What if you had general purpose destructuring everywhere? This would enable things like multiple return values, and -> in for would no longer be a special case.

Natural foo -> String bar = blah();
local foo -> bar = blah();
local head -> rest = operators.headrest();
 
23. May 2011, 19:19 CET | Link

From the article

shared interface Iterable<out X> 
       satisfies Container {
    
    doc "An iterator of values belonging
         to the container."
    shared formal Iterator<X> iterator();
    
    shared actual default Boolean empty {
        return !(first exists);
    }
    
    doc "The first object."
    shared default X? first {
        return iterator().head;
    }

}

shared interface Sized 
       satisfies Container {
        
    doc "The number of values or entries 
         belonging to the container."
    shared formal Natural size;
    
    shared actual default Boolean empty {
        return size==0;
    }
    
}

Both of interfaces define the method/attribute spelled empty. Which implementation is chosen in the case that a class implements both these interfaces? For example:

shared class Set<out T>
       satisfies Iterable<T>, Sized {

       ...
}
 
23. May 2011, 19:34 CET | Link
Which implementation is chosen in the case that a class implements both these interfaces?

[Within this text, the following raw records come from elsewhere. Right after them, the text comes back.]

Lemma continuous_pow (f : R -> R) k x : continuous f x -> continuous (fun y => f y ^ k) x.
Proof.
  intros Hf; induction k; simpl; [apply continuous_const|apply continuous_Rmult; auto].
Qed.

Lemma continuous_Rexp (f : R -> R) x : continuous f x -> continuous (fun y => exp (f y)) x.
Proof. intros; apply continuous_exp_comp; auto. Qed.

Ltac solve_continuous :=
  repeat first
    [ apply continuous_const | apply continuous_id | apply continuous_Rexp
    | apply continuous_pow | apply continuous_Rmult | apply continuous_Rminus
    | apply continuous_Rplus | apply continuous_Ropp ].

Lemma continuous_of_continuity_pt (f : R -> R) x : continuity_pt f x -> continuous f x.
Proof. apply continuity_pt_filterlim. Qed.

Lemma continuity_pt_of_continuous (f : R -> R) x : continuous f x -> continuity_pt f x.
Proof. apply continuity_pt_filterlim. Qed.

Lemma continuity_pt_of_is_derive (f : R -> R) x l : is_derive f x l -> continuity_pt f x.
Proof.
  intros H; apply continuity_pt_of_continuous.
  apply (ex_derive_continuous (K := R_AbsRing) (V := R_NormedModule)); exists l; exact H.
Qed.

Lemma Derive_of_is_derive (f : R -> R) x l : is_derive f x l -> Derive (fun y : R => f y) x = l.
Proof. apply is_derive_unique. Qed.

Lemma filterlim_within_of_continuity_pt (h : R -> R) (D : R -> Prop) y :
  continuity_pt h y -> filterlim h (within D (locally y)) (locally (h y)).
Proof.
  intros H P HP. destruct (proj1 (continuity_pt_filterlim h y) H P HP) as [e He].
  exists e; intros z Hz _; apply He, Hz.
Qed.

Lemma is_derive_locally_ext (f h : R -> R) a b x l : a < x < b ->
  (forall y, a < y < b -> f y = h y) -> is_derive f x l -> is_derive h x l.
Proof.
  intros Hx Hfh Hf. apply is_derive_ext_loc with (f := f); auto.
  assert (Hd : 0 < Rmin (x - a) (b - x)) by (apply Rmin_glb_lt; lra).
  exists (mkposreal _ Hd); intros y Hy. change (Rabs (y - x) < Rmin (x - a) (b - x)) in Hy.
  assert (H1 := Rmin_l (x - a) (b - x)); assert (H2 := Rmin_r (x - a) (b - x)).
  apply Rabs_def2 in Hy. apply Hfh; lra.
Qed.

Lemma exp_le_compat x y : x <= y -> exp x <= exp y.
Proof. intros [H|H]; [apply Rlt_le, exp_increasing; auto|subst; lra]. Qed.

(* Composing with [clamp a] extends a function continuous on [[0, a]] to one
   continuous on all of [R]. *)
Definition clamp (a x : R) := Rmax 0 (Rmin a x).

Lemma clamp_in a x : 0 <= a -> 0 <= clamp a x <= a.
Proof. intros; unfold clamp, Rmax, Rmin; repeat destruct Rle_dec; lra. Qed.

Lemma clamp_id a x : 0 <= x <= a -> clamp a x = x.
Proof. intros; unfold clamp, Rmax, Rmin; repeat destruct Rle_dec; lra. Qed.

Lemma clamp_lipschitz a x y : 0 <= a -> Rabs (clamp a x - clamp a y) <= Rabs (x - y).
Proof.
  intros; unfold clamp, Rmax, Rmin; repeat destruct Rle_dec;
  unfold Rabs; repeat destruct Rcase_abs; lra.
Qed.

The compiler forces you to refine empty in Set, thus resolving the ambiguity.

Note that in this case, the two inherited empty implementations both refine empty from Container, so they're actually the same attribute.

If this were not the case, and you were just going to inherit two unrelated attributes that happened to share a name, the compiler would simply prevent you from defining Set as satisfying both interfaces. At least, that is what the language spec currently says. A future version of the language might allow you to rename inherited members in the import statement, a possibility we've already discussed in another comment thread.

 
24. May 2011, 00:35 CET | Link

Ooh. I just noticed the nice feature of covariant return types with respect to type unions. I spotted it here:

shared interface Iterable<out X> 
       satisfies Container {
    
    // ...

    shared default X? first {
        return iterator().head;
    }

}

shared interface Sequence<out X>
       satisfies Correspondence<Natural, X> & 
                 Iterable<X> & Sized  {
    // ...
    shared actual formal X first;
}

Notice how Iterable<X> defines first as returning type X? (aka Nothing/X), but Sequence<X> reduces this to plain-old-X.

I was trying to dream up an SDK/Collections library. I had emulated the provided interfaces in java, using aspectj to provide the interface's default implementations. I had to implement an Optional<X> class to emulate the X? syntax, but full on type unions--especially this reduction--I cannot do in java/aspectj.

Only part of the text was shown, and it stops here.